Она умылась и пригладила волосы, поправила юбку и надела жакетик. Зеркала не было, но, кажется, она выглядит вполне аккуратно.

За расхристанную большевичку ее по крайней мере никто не примет.

Тут в подвал вбежал человек. Элеонора узнала в нем доктора Калинина и от удивления даже пошатнулась.

– Ну? Вы как? – кричал Калинин, хватая ее за руки. – Живы все?

– Да, Николай Владимирович, пока все живы.

– А у нас все! Понимаешь? Все! Победа!

Он крепко обнял Элеонору, сразу же резко выпустил и подошел к раненым.

– Да, вижу, вижу. Ничего, сейчас в госпиталь отправим, я специально машину выпросил.

Калинин взлетел по лестнице, на улице раздался его зычный голос:

– Мужики, давай сюда!

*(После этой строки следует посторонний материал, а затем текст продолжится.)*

Lemma FS_range (X : Type) (op : X -> X -> option X) (x : nat -> X) m :
  FS op x m `<=`
  range (fun b : m.-tuple bool => odflt (x 0) (Fsum op x (mask b (iota 1 m)))).
Proof.
move=> s [F [[sF _ F1] Fm EF]].
have : subseq F (iota 1 m).
  have -> : F = [seq t <- iota 1 m | t \in F].
    apply: (irr_sorted_eq ltn_trans ltnn) => //.
    - by apply: sorted_filter; [exact: ltn_trans | exact: iota_ltn_sorted].
    - move=> t; rewrite mem_filter mem_iota; case tF: (t \in F) => //=.
      by rewrite (allP F1 t tF) add1n ltnS (allP Fm t tF).
  exact: filter_subseq.
case/subseqP => b; rewrite size_iota => /eqP bm EFb.
by exists (Tuple bm) => //=; rewrite -EFb EF.
Qed.

Lemma FS_nth (X : Type) (op : X -> X -> option X) (x : nat -> X) m n :
  0 < n <= m -> FS op x m (x n).
Proof.
by case/andP => n0 nm; exists [:: n]; split; [split; rewrite //= n0 | rewrite /= nm |].
Qed.

Lemma filter_forall_in (T U : Type) (I : finType) (g : I -> U) (D : set U)
    (P : U -> set T) (F : set_system T) {FF : Filter F} :
  D `<=` range g -> (forall u, D u -> F (P u)) ->
  F [set t | forall u, D u -> P u t].
Proof.
move=> Dg FP.
have FgP i : F [set t | D (g i) -> P (g i) t].
  have [Dgi|nDgi] := pselect (D (g i)); first by apply: filterS (FP _ Dgi) => t Pt _.
  by apply: filterS filterT => t _ /nDgi.
apply: filterS (filter_forall FF FgP) => t gP u Du.
by have [i _ giu] := Dg u Du; rewrite -giu in Du *; exact: gP.
Qed.

Section BlockSystems.
Variables (X : Type) (op : X -> X -> option X) (y : nat -> X).

Definition sums_in (x : nat -> X) j n (B : set X) :=
  forall F s, fin_ne_from j.+1 F -> all (leq^~ (j + n)) F ->
    Fsum op x F = Some s -> B s.

Definition block_system (x : nat -> X) (H : nat -> seq nat) k j n :=
  (forall t, j < t <= j + n -> fin_ne_from k (H t) /\ Fsum op y (H t) = Some (x t)) /\
  (forall t t' u u', j < t < t' -> t' <= j + n -> u \in H t -> u' \in H t' -> u < u').

Definition cons_at (T : Type) j (a : T) (f : nat -> T) t := if t == j then a else f t.

Lemma sums_in0 x j B : sums_in x j 0 B.
Proof. by move=> [|a F] s [_ //= _ /andP [ja _]] /andP [aj _]; lia. Qed.

Lemma block_system0 x H k j : block_system x H k j 0.
Proof. by split => [t|t t' u u' /andP [jt tt'] t'j]; lia. Qed.

Lemma sums_in_FS x m B : sums_in x 0 m B -> FS op x m `<=` B.
Proof. by move=> xB s [F [hF Fm EF]]; exact: xB hF Fm EF. Qed.

Lemma block_system_wps x H k m :
  block_system x H k 0 m -> weak_product_subsystem op y k m x.
Proof.
move=> [hH incH]; exists H; split => [n /hH [] //|n n' nm n'm nn' t tn|n /hH [] //].
apply/negP => tn'; case: (ltngtP n n') nn' => // [lt|gt] _.
- by have := incH n n' t t ltac:(lia) ltac:(lia) tn tn'; rewrite ltnn.
- by have := incH n' n t t ltac:(lia) ltac:(lia) tn' tn; rewrite ltnn.
Qed.

Lemma block_system_cons x H x0 G k K j n :
  fin_ne_from k G -> Fsum op y G = Some x0 -> k <= K -> seq_bound G <= K ->
  block_system x H K j.+1 n ->
  block_system (cons_at j.+1 x0 x) (cons_at j.+1 G H) k j n.+1.
Proof.
rewrite /cons_at => hG EG kK GK [hH incH]; split.
  move=> t /andP [jt tjn]; case: eqP => [_|/eqP tj] //.
  have [hHt ->] : fin_ne_from K (H t) /\ Fsum op y (H t) = Some (x t) by apply: hH; lia.
  by split => //; exact: fin_ne_from_mono kK hHt.
move=> t t' u u' /andP [jt tt'] t'jn; have -> : (t' == j.+1) = false by lia.
case: eqP => [_ uG u'H|/eqP tj uH u'H]; last by apply: incH uH u'H; lia.
have [[_ _ KH] _] := hH t' ltac:(lia).
exact: leq_trans (seq_bound_gt uG) (leq_trans GK (allP KH u' u'H)).
Qed.

Hypothesis opA : psg_assoc op.

Lemma sums_in_cons x x0 j n B :
  B x0 -> sums_in x j.+1 n (B `&` left_preim op x0 B) ->
  sums_in (cons_at j.+1 x0 x) j n.+1 B.
Proof.
move=> Bx0 xB F s hF; rewrite addnS -addSn => Fn.
have xB' G t : fin_ne_from j.+2 G -> all (leq^~ (j.+1 + n)) G ->
    Fsum op (cons_at j.+1 x0 x) G = Some t -> (B `&` left_preim op x0 B) t.
  move=> [sG G0 jG] Gn; rewrite /Fsum (eq_in_map _ x G).1 => [|u /(allP jG) ju].
    exact: xB.
  by rewrite /cons_at (gtn_eqF ju).
case: F hF Fn => [|a F] hF Fn; first by case: hF.
have [ja hF'] := fin_ne_from_cons hF.
have [aj|aj] := eqVneq a j.+1; last first.
  case/(xB' (a :: F)) => //; apply: fin_ne_from_cons_gt hF _.
  by rewrite ltn_neqAle eq_sym aj ja.
have x'j : cons_at j.+1 x0 x a = x0 by rewrite /cons_at aj eqxx.
subst a; case: hF' => [->|hF']; first by rewrite /Fsum /= x'j => -[<-].
rewrite /Fsum map_cons (psum_cons opA) ?x'j; last by case: hF' => _; case: (F).
case/andP: Fn => _ Fn; case EF: (psum _ _) => [s'|] //= Es.
have [_ [w [Ew Bw]]] := xB' F s' hF' Fn EF.
by move: Es; rewrite Ew => -[<-].
Qed.

Lemma weak_product_subsystem_mono x k k' m : k <= k' ->
  weak_product_subsystem op y k' m x -> weak_product_subsystem op y k m x.
Proof.
by move=> kk' [H [hH dH EH]]; exists H; split => // n /hH; exact: fin_ne_from_mono.
Qed.

Lemma weak_product_subsystem_add x k m : weak_product_subsystem op y k m x ->
  exists M, forall z w, weak_product_subsystem op y M m z ->
    (forall n, 0 < n <= m -> op (x n) (z n) = Some (w n)) ->
    weak_product_subsystem op y k m w.
Proof.
move=> [H [hH dH EH]]; exists (maxn k (\max_(n < m.+1) seq_bound (H n))).
set M := maxn _ _ => z w [G [hG dG EG]] Exzw.
have HM n : 0 < n <= m -> seq_bound (H n) <= M.
  move=> /andP [_ nm]; apply: leq_trans (leq_maxr _ _).
  pose i := Ordinal (nm : n < m.+1).
  exact: (leq_bigmax (F := fun n : 'I_m.+1 => seq_bound (H n)) i).
have ltM n u : 0 < n <= m -> u \in H n -> u < M.
  by move=> nm uH; exact: leq_trans (seq_bound_gt uH) (HM n nm).
have geM n u : 0 < n <= m -> u \in G n -> M <= u.
  by move=> nm uG; case: (hG n nm) => _ _ /allP; apply.
exists (fun n => H n ++ G n); split.
- by move=> n nm; exact: fin_ne_from_cat (hH n nm) (hG n nm) (leq_maxl _ _) (HM n nm).
- move=> n n' nm n'm nn' u; rewrite !mem_cat negb_or => /orP [uH|uG].
    rewrite (dH n n' nm n'm nn' u uH) /=; apply/negP => /(geM n' u n'm).
    by rewrite leqNgt (ltM n u nm uH).
  rewrite (dG n n' nm n'm nn' u uG) andbT; apply/negP => /(ltM n' u n'm).
  by rewrite ltnNge (geM n u nm uG).
- move=> n nm; rewrite Fsum_cat // ?(EH n nm) ?(EG n nm); first exact: Exzw.
    by case: (hH n nm).
  by case: (hG n nm).
Qed.

End BlockSystems.

Section AdequateSequence.
Variables (X : Type) (op : X -> X -> option X) (y : nat -> X).
Hypotheses (opA : psg_assoc op) (hy : adequate_seq op y).

Definition FS_tail k := [set s | exists F, fin_ne_from k F /\ Fsum op y F = Some s].

Definition FS_tail_limits := [set p : beta X | forall k, 0 < k -> sval p (FS_tail k)].

Lemma FS_tail_mono k k' : k <= k' -> FS_tail k' `<=` FS_tail k.
Proof.
by move=> kk' s [F [hF EF]]; exists F; split => //; exact: fin_ne_from_mono hF.
Qed.

Lemma FS_tail_phi x : exists2 k, 0 < k & FS_tail k `<=` phi op x.
Proof.
have [k [k0 hk]] := hy.2 [set x] (finite_set1 x) (ex_intro _ x erefl).
exists k => // s [F [hF EF]]; have [s' [EF' hs']] := hk F hF.
by move: EF'; rewrite EF => -[->]; exact: hs'.
Qed.

Lemma FS_tail_add k s : 0 < k -> FS_tail k s ->
  exists2 M, 0 < M & FS_tail M `<=` left_preim op s (FS_tail k).
Proof.
move=> k0 [F [hF EF]]; exists (maxn k (seq_bound F)); first by rewrite leq_max k0.
move=> z [G [hG EG]].
have hFG : fin_ne_from k (F ++ G).
  by apply: fin_ne_from_cat hF hG _ _; rewrite ?leq_maxl ?leq_maxr.
have F0 : F != [::] by case: hF.
have G0 : G != [::] by case: hG.
have := hy.1 _ (fin_ne_from_mono k0 hFG); rewrite Fsum_cat // EF EG /=.
case Esz: (op s z) => [w|] // _; exists w; split => //; exists (F ++ G).
by rewrite Fsum_cat // EF EG.
Qed.

Lemma FS_tail_limits_delta : FS_tail_limits `<=` deltaS op.
Proof.
by move=> p Kp x; have [k k0 hk] := FS_tail_phi x; exact: filterS hk (Kp k k0).
Qed.

Lemma FS_tail_limits_closed_subsemigroup : closed_subsemigroup op FS_tail_limits.
Proof.
split; last by do 2 apply: beta_closed_forall => ?; exact: beta_closed_bbase.
split.
- pose F := [set B | exists2 k, 0 < k & FS_tail k `<=` B].
  have PF : ProperFilter F.
    apply: Build_ProperFilter_ex => [B [k _ kB]|].
      by exists (y k); apply: kB; exists [:: k]; do 2 split => //=; rewrite leqnn.
    split => [|B B' [k k0 kB] [k' k'0 k'B']|B B' BB' [k k0 kB]].
    + by exists 1.
    + exists (maxn k k'); first by rewrite leq_max k0.
      move=> s sk; split; [apply: kB | apply: k'B'];
        by apply: FS_tail_mono sk; rewrite ?leq_maxl ?leq_maxr.
    + by exists k => //; exact: subset_trans BB'.
  have [G [UG FG]] := ultraFilterLemma PF.
  by exists (exist _ G UG) => k k0; apply: FG; exists k.
- exact: FS_tail_limits_delta.
- move=> p q Kp Kq; exists (radd (FS_tail_limits_delta Kq) p) => // k k0.
  apply: filterS (Kp k k0) => s /(FS_tail_add k0) [M M0 hM].
  exact: filterS hM (Kq M M0).
Qed.

End AdequateSequence.

Section IdempotentFS.
Variables (X : Type) (op : X -> X -> option X) (y : nat -> X) (e : beta X).
Hypotheses (opA : psg_assoc op) (e_tails : FS_tail_limits op y e).
Hypothesis e_idem : uf_add op (sval e) (sval e) = sval e.

Definition starry (B : set X) := forall b, B b -> sval e (left_preim op b B).

Lemma starry_sub A : sval e A -> exists B, [/\ B `<=` A, sval e B & starry B].
Proof.
move=> eA; have eeA : uf_add op (sval e) (sval e) A by rewrite e_idem.
exists (A `&` [set a | sval e (left_preim op a A)]); split => //.
  exact: filterI.
move=> b [Ab eb].
have eeb : uf_add op (sval e) (sval e) (left_preim op b A) by rewrite e_idem.
apply: filterS (filterI eb eeb) => c [[w [Ebc Aw]] ebc].
exists w; split => //; split => //; apply: filterS ebc => d [u [Ecd [v [Ebu Av]]]].
have [w' Ebc' Ewd] := op_reassocl opA Ecd Ebu.
by move: Ebc' Ewd; rewrite Ebc => -[<-] Ewd; exists v.
Qed.

Lemma starry_shift B b : starry B -> B b -> starry (B `&` left_preim op b B).
Proof.
move=> sB Bb c [Bc [w [Ebc Bw]]].
apply: filterS (filterI (sB c Bc) (sB w Bw)) => d [[u [Ecd Bu]] [v [Ewd Bv]]].
exists u; split => //; split => //.
have [u' Ecd' Ebu] := op_reassocr opA Ebc Ewd.
by move: Ecd' Ebu; rewrite Ecd => -[<-] Ebu; exists v.
Qed.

Будем выносить!

Подхватив свою сумку, Элеонора на ватных ногах вышла на улицу.

Улица была полна народу, красноармейцы под руководством Калинина выносили раненых, многие просто стояли, курили и с любопытством смотрели на нее.

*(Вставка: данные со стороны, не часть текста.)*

(* Let $\mathcal{F}$ be the star-shaped frame described below, let $d_i$ be a domain, and let $p$ be a $d_i$-purge function. Then $\mathcal{F}\in\mathrm{ND}^p$ iff $\mathcal{F}$ $f^p$-limits $\mathsf{IN}$-to-$C_i$ flow, i.e. iff $f^p$ is a blur operator and for every $\mathcal{B}\in\mathrm{lruns}_{C_i}$ the set $J_{C_i}^{\mathsf{IN}}(\mathcal{B})$ satisfies $f^p(J_{C_i}^{\mathsf{IN}}(\mathcal{B}))=J_{C_i}^{\mathsf{IN}}(\mathcal{B})$.
   Context: Frames and executions: a frame has locations, channels (each with a sender and recipient location) and data values; each location $\ell$ has a prefix-closed set $\mathrm{traces}(\ell)$ of finite or infinite sequences of labels (channel, data) over channels incident to $\ell$. Events come from a set $E$ with functions $\mathrm{chan}$, $\mathrm{msg}$; a system of events $(B,\preceq)$ ($B\subseteq E$, $\preceq$ a partial order with finitely many predecessors per event) is an execution ($\in\mathrm{exec}(\mathcal{F})$) iff for each location the events on its incident channels are linearly ordered and, as a label sequence, belong to its trace set. $\mathcal{A}|_C$ keeps the events whose channel is in $C$, with the restricted order; $\mathrm{lruns}_C=\{\mathcal{A}|_C:\mathcal{A}\in\mathrm{exec}(\mathcal{F})\}$; $J_C^{C'}(\mathcal{B})=\{\mathcal{A}|_{C'}:\mathcal{A}\in\mathrm{exec}(\mathcal{F}),\ \mathcal{A}|_C=\mathcal{B}\}$. Setting: a finite set of domains $\{d_1,\dots,d_k\}$ with a reflexive relation $\hookrightarrow$; $\mathcal{F}$ has locations $d_1,\dots,d_k,M$ and channels $c_j^{\mathrm{in}}$ (sender $d_j$, recipient $M$) and $c_j^{\mathrm{out}}$ (sender $M$, recipient $d_j$), with given trace sets (e.g. induced by a possibly nondeterministic state machine at $M$). $C_i=\{c_i^{\mathrm{in}},c_i^{\mathrm{out}}\}$, $\mathrm{vis}(d_i)=\{c_j^{\mathrm{in}}:d_j\hookrightarrow d_i\}$, $\mathsf{IN}=\{c_j^{\mathrm{in}}:1\le j\le k\}$, $\mathrm{inp}(\mathcal{A})=\mathcal{A}|_{\mathsf{IN}}$. A $d_i$-purge function is a function $p$ from $\mathrm{exec}(\mathcal{F})$ to some set such that (1) $\mathrm{inp}(\mathcal{A})=\mathrm{inp}(\mathcal{A}')$ implies $p(\mathcal{A})=p(\mathcal{A}')$, and (2) $p(\mathcal{A})=p(\mathcal{A}')$ implies $\mathcal{A}|_{\mathrm{vis}(d_i)}=\mathcal{A}'|_{\mathrm{vis}(d_i)}$. $\mathcal{F}\in\mathrm{ND}^p$ iff for all $\mathcal{A},\mathcal{A}'\in\mathrm{exec}(\mathcal{F})$, $p(\mathcal{A})=p(\mathcal{A}')$ implies $\mathcal{A}'|_{\mathsf{IN}}\in J_{C_i}^{\mathsf{IN}}(\mathcal{A}|_{C_i})$. Define the relation $\mathcal{R}$ on $\mathrm{lruns}_{\mathsf{IN}}$ by $\mathcal{R}(\mathcal{B}_1,\mathcal{B}_2)$ iff there exist $\mathcal{A}_1,\mathcal{A}_2\in\mathrm{exec}(\mathcal{F})$ with $\mathcal{B}_j=\mathcal{A}_j|_{\mathsf{IN}}$ ($j=1,2$) and $p(\mathcal{A}_1)=p(\mathcal{A}_2)$ (an equivalence relation on $\mathrm{lruns}_{\mathsf{IN}}$), and let $f^p(S)=\{\mathcal{B}_2\in\mathrm{lruns}_{\mathsf{IN}}:\exists\mathcal{B}_1\in S,\ \mathcal{R}(\mathcal{B}_1,\mathcal{B}_2)\}$ for $S\subseteq\mathrm{lruns}_{\mathsf{IN}}$ (closure under $\mathcal{R}$-classes). A blur operator is a function $f$ on sets with $S\subseteq f(S)$, $f(f(S))=f(S)$ and $f(\bigcup_i S_i)=\bigcup_i f(S_i)$. *)

From Stdlib Require Import List Arith.

Set Implicit Arguments.

Definition pset (T : Type) := T -> Prop.
Definition subset {T} (S S' : pset T) := forall x, S x -> S' x.

Definition finite_type (Dom : Type) := exists l : list Dom, forall d, In d l.

Section Star.
Variable Dom : Type.
Variable Data : Type.

Inductive loc := LDom (j : Dom) | LM.
Inductive chan := Cin (j : Dom) | Cout (j : Dom).

Definition sender (c : chan) : loc :=
  match c with Cin j => LDom j | Cout _ => LM end.
Definition recipient (c : chan) : loc :=
  match c with Cin _ => LM | Cout j => LDom j end.

Definition label := (chan * Data)%type.

(* finite or infinite sequences: nat -> option label, None from some point on
   (finite) or never None (infinite) *)
Definition lseq := nat -> option label.
Definition wf_lseq (s : lseq) := forall n, s n = None -> s (S n) = None.
Definition prefix (n : nat) (s : lseq) : lseq :=
  fun m => if m <? n then s m else None.

Definition wf_traces (tr : loc -> pset lseq) :=
  forall l s, tr l s ->
    wf_lseq s /\ (forall n, tr l (prefix n s)) /\
    (forall n c d, s n = Some (c, d) -> sender c = l \/ recipient c = l).

Variable E : Type.
Variable echan : E -> chan.
Variable emsg : E -> Data.

Record sys := Sys { ev : pset E; ord : E -> E -> Prop }.

Definition is_system (A : sys) :=
  (forall x y, ord A x y -> ev A x /\ ev A y) /\
  (forall x, ev A x -> ord A x x) /\
  (forall x y, ord A x y -> ord A y x -> x = y) /\
  (forall x y z, ord A x y -> ord A y z -> ord A x z) /\
  (forall y, ev A y -> exists l : list E, forall x, ord A x y -> In x l).

Definition incident (l : loc) (c : chan) := sender c = l \/ recipient c = l.

Variable tr : loc -> pset lseq.

Definition is_exec (A : sys) :=
  is_system A /\
  forall l : loc,
    let Ev := fun e => ev A e /\ incident l (echan e) in
    (forall x y, Ev x -> Ev y -> ord A x y \/ ord A y x) /\
    exists s, tr l s /\
      exists g : nat -> option E,
        (forall n, match g n with
                   | Some e => Ev e /\ s n = Some (echan e, emsg e)
                   | None => s n = None
                   end) /\
        (forall n m e e', g n = Some e -> g m = Some e' ->
                          (n <= m <-> ord A e e')) /\
        (forall e, Ev e -> exists n, g n = Some e).

Definition restrict (C : pset chan) (A : sys) : sys :=
  Sys (fun e => ev A e /\ C (echan e))
      (fun x y => ord A x y /\ C (echan x) /\ C (echan y)).

Definition lruns (C : pset chan) : pset sys :=
  fun B => exists A, is_exec A /\ restrict C A = B.

Definition Jflow (C C' : pset chan) (B : sys) : pset sys :=
  fun B' => exists A, is_exec A /\ restrict C A = B /\ restrict C' A = B'.

Variable hook : Dom -> Dom -> Prop.   (* d_j ↪ d_i  is  hook j i *)

Definition Ci (i : Dom) : pset chan := fun c => c = Cin i \/ c = Cout i.
Definition vis (i : Dom) : pset chan := fun c => exists j, c = Cin j /\ hook j i.
Definition IN : pset chan := fun c => exists j, c = Cin j.
Definition inp (A : sys) := restrict IN A.

Variable X : Type.

Definition is_purge (i : Dom) (p : sys -> X) :=
  (forall A A', is_exec A -> is_exec A' -> inp A = inp A' -> p A = p A') /\
  (forall A A', is_exec A -> is_exec A' -> p A = p A' ->
     restrict (vis i) A = restrict (vis i) A').

Definition ND (i : Dom) (p : sys -> X) :=
  forall A A', is_exec A -> is_exec A' -> p A = p A' ->
    Jflow (Ci i) IN (restrict (Ci i) A) (restrict IN A').

Definition Rrel (p : sys -> X) (B1 B2 : sys) :=
  exists A1 A2, is_exec A1 /\ is_exec A2 /\
    restrict IN A1 = B1 /\ restrict IN A2 = B2 /\ p A1 = p A2.

Definition fp (p : sys -> X) (S : pset sys) : pset sys :=
  fun B2 => lruns IN B2 /\ exists B1, S B1 /\ Rrel p B1 B2.

End Star.

Definition bigcup {T I : Type} (F : I -> pset T) : pset T :=
  fun x => exists i, F i x.

Definition blur_on {T : Type} (U : pset T) (f : pset T -> pset T) :=
  (forall S, subset S U -> subset S (f S)) /\
  (forall S, subset S U -> f (f S) = f S) /\
  (forall (I : Type) (F : I -> pset T), (forall i, subset (F i) U) ->
     f (bigcup F) = bigcup (fun i => f (F i))).

Definition limits_flow {Dom Data E X : Type} (echan : E -> chan Dom)
  (emsg : E -> Data) (tr : loc Dom -> pset (lseq Dom Data))
  (i : Dom) (p : sys E -> X) :=
  blur_on (lruns echan emsg tr (IN (Dom:=Dom))) (fp echan emsg tr p) /\
  forall B, lruns echan emsg tr (Ci i) B ->
    fp echan emsg tr p (Jflow echan emsg tr (Ci i) (IN (Dom:=Dom)) B)
    = Jflow echan emsg tr (Ci i) (IN (Dom:=Dom)) B.

From Stdlib Require Import List Arith.
From Stdlib Require Import FunctionalExtensionality PropExtensionality.

Set Implicit Arguments.
Unset Strict Implicit.

(* Because p depends only on the inputs, the relation R identifies two input
   runs exactly when every execution realizing one is p-equivalent to every
   execution realizing the other; so R is an equivalence on lruns_IN and f^p,
   which closes a set under R-classes, is a blur operator.  ND^p says that
   p-equivalent executions A, A' admit an execution with the C_i-view of A and
   the inputs of A', i.e. that every J_{C_i}^IN(B) is closed under R-classes,
   which is the fixed-point condition f^p(J(B)) = J(B). *)

Lemma pset_ext {T : Type} (S S' : pset T) : (forall x, S x <-> S' x) -> S = S'.
Proof.
  intro H; apply functional_extensionality; intro x.
  apply propositional_extensionality; auto.
Qed.

Section PurgeClosure.

Variables Dom Data E X : Type.
Variable echan : E -> chan Dom.
Variable emsg : E -> Data.
Variable tr : loc Dom -> pset (lseq Dom Data).
Variable p : sys E -> X.

Local Notation exec := (is_exec echan emsg tr).
Local Notation IN := (IN (Dom:=Dom)).
Local Notation lrunsIN := (lruns echan emsg tr IN).
Local Notation R := (Rrel echan emsg tr p).
Local Notation f := (fp echan emsg tr p).
Local Notation J C := (Jflow echan emsg tr C IN).

Hypothesis p_inp : forall A A', exec A -> exec A' -> inp echan A = inp echan A' -> p A = p A'.

Lemma Rrel_refl B : lrunsIN B -> R B B.
Proof.
  intros [A [eA rA]].
  exists A, A; auto.
Qed.

Lemma Rrel_trans B1 B2 B3 : R B1 B2 -> R B2 B3 -> R B1 B3.
Proof.
  intros [A1 [A2 [e1 [e2 [r1 [r2 q]]]]]] [A2' [A3 [e2' [e3 [r2' [r3 q']]]]]].
  exists A1, A3; do 4 (split; auto).
  rewrite q, <- q'; apply p_inp; auto.
  unfold inp; congruence.
Qed.

Lemma fp_extensive S : subset S lrunsIN -> subset S (f S).
Proof.
  intros HS B HB; split; auto.
  exists B; split; auto; apply Rrel_refl; auto.
Qed.

Lemma fp_idem S : subset S lrunsIN -> f (f S) = f S.
Proof.
  intro HS; apply pset_ext; intro B; split.
  - intros [HB [B1 [[_ [B0 [HB0 R01]]] R1]]].
    split; auto; exists B0; split; auto.
    apply Rrel_trans with B1; auto.
  - apply fp_extensive; intros x Hx; apply Hx.
Qed.

Lemma fp_bigcup (I : Type) (F : I -> pset (sys E)) :
  f (bigcup F) = bigcup (fun j => f (F j)).
Proof.
  apply pset_ext; intro B; split.
  - intros [HB [B1 [[j Hj] R1]]]; exists j; split; auto; exists B1; auto.
  - intros [j [HB [B1 [Hj R1]]]]; split; auto; exists B1; split; auto; exists j; auto.
Qed.

Lemma blur_on_fp : blur_on lrunsIN f.
Proof.
  split; [exact fp_extensive | split; [exact fp_idem |]].
  intros; apply fp_bigcup.
Qed.

Lemma Jflow_sub_lruns C B : subset (J C B) lrunsIN.
Proof. intros B' [A [eA [_ rA]]]; exists A; auto. Qed.

Variable C : pset (chan Dom).

Definition ND_on :=
  forall A A', exec A -> exec A' -> p A = p A' ->
    J C (restrict echan C A) (restrict echan IN A').

Lemma fp_Jflow_of_ND B : ND_on -> f (J C B) = J C B.
Proof.
  intro HND; apply pset_ext; intro B2; split.
  - intros [_ [B1 [[A [eA [rA rA']]] [A1 [A2 [e1 [e2 [r1 [r2 q]]]]]]]]].
    assert (pA : p A = p A2).
    { rewrite <- q; apply p_inp; auto; unfold inp; congruence. }
    destruct (HND A A2 eA e2 pA) as [A'' [e'' [c'' i'']]].
    exists A''; split; [| split]; congruence.
  - apply fp_extensive, Jflow_sub_lruns.
Qed.

Lemma ND_of_fp_Jflow :
  (forall B, lruns echan emsg tr C B -> f (J C B) = J C B) -> ND_on.
Proof.
  intros Hfix A A' eA eA' q.
  rewrite <- (Hfix (restrict echan C A)) by (exists A; auto).
  split; [exists A'; auto |].
  exists (restrict echan IN A); split; [exists A; auto |].
  exists A, A'; auto.
Qed.

End PurgeClosure.

Theorem lemma10
  (Dom Data E X : Type)
  (Hfin : finite_type Dom)
  (hook : Dom -> Dom -> Prop) (Hrefl : forall d, hook d d)
  (tr : loc Dom -> pset (lseq Dom Data)) (Htr : wf_traces tr)
  (echan : E -> chan Dom) (emsg : E -> Data)
  (i : Dom) (p : sys E -> X)
  (Hp : is_purge echan emsg tr hook i p) :
  ND echan emsg tr i p <-> limits_flow echan emsg tr i p.
Proof.
  destruct Hp as [p_inp _].
  split.
  - intro HND; split; [exact (blur_on_fp p_inp) |].
    intros B _; exact (fp_Jflow_of_ND p_inp (C := Ci i) B HND).
  - intros [_ Hfix]; exact (ND_of_fp_Jflow Hfix).
Qed.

И когда Элеонора робко попросила закурить, к ней со всех сторон потянулись руки с пачками папирос.

Она неумело вдохнула дым.

Запрокинула голову, подставляя лицо нежным осенним лучам солнца.

Если смотреть высоко-высоко в небо, то на минуту можно подумать, будто ничего этого не происходит, и она по-прежнему на прогулке в строю воспитанниц, и сейчас по команде классной дамы уступит дорогу прекрасному всаднику…

Глава 9

Было немного странно вернуться в дом, который она покинула навсегда, и снова очутиться в жизни, с которой она уже простилась.

На душе было пусто и немножко «не в фокусе», Элеонора пока не верила, что жива.

Вероятно, у нее и вид был соответствующий, потому что в карманах жакета она неожиданно обнаружила несколько кусков сахара и сухари. Прилипшие к этим подношениям крошки махорки ясно выдавали их происхождение. Солдаты, с которыми она возвращалась в город, таким манером подбодрили ее.

Элеонора села на стул и задумчиво стала грызть сахар, оглядывая свою комнату, будто впервые.

Что ж, товарищ Катерина, проповедующая свободу женщины в том числе и от быта, осталась бы ею довольна. Она даже могла бы водить сюда экскурсии.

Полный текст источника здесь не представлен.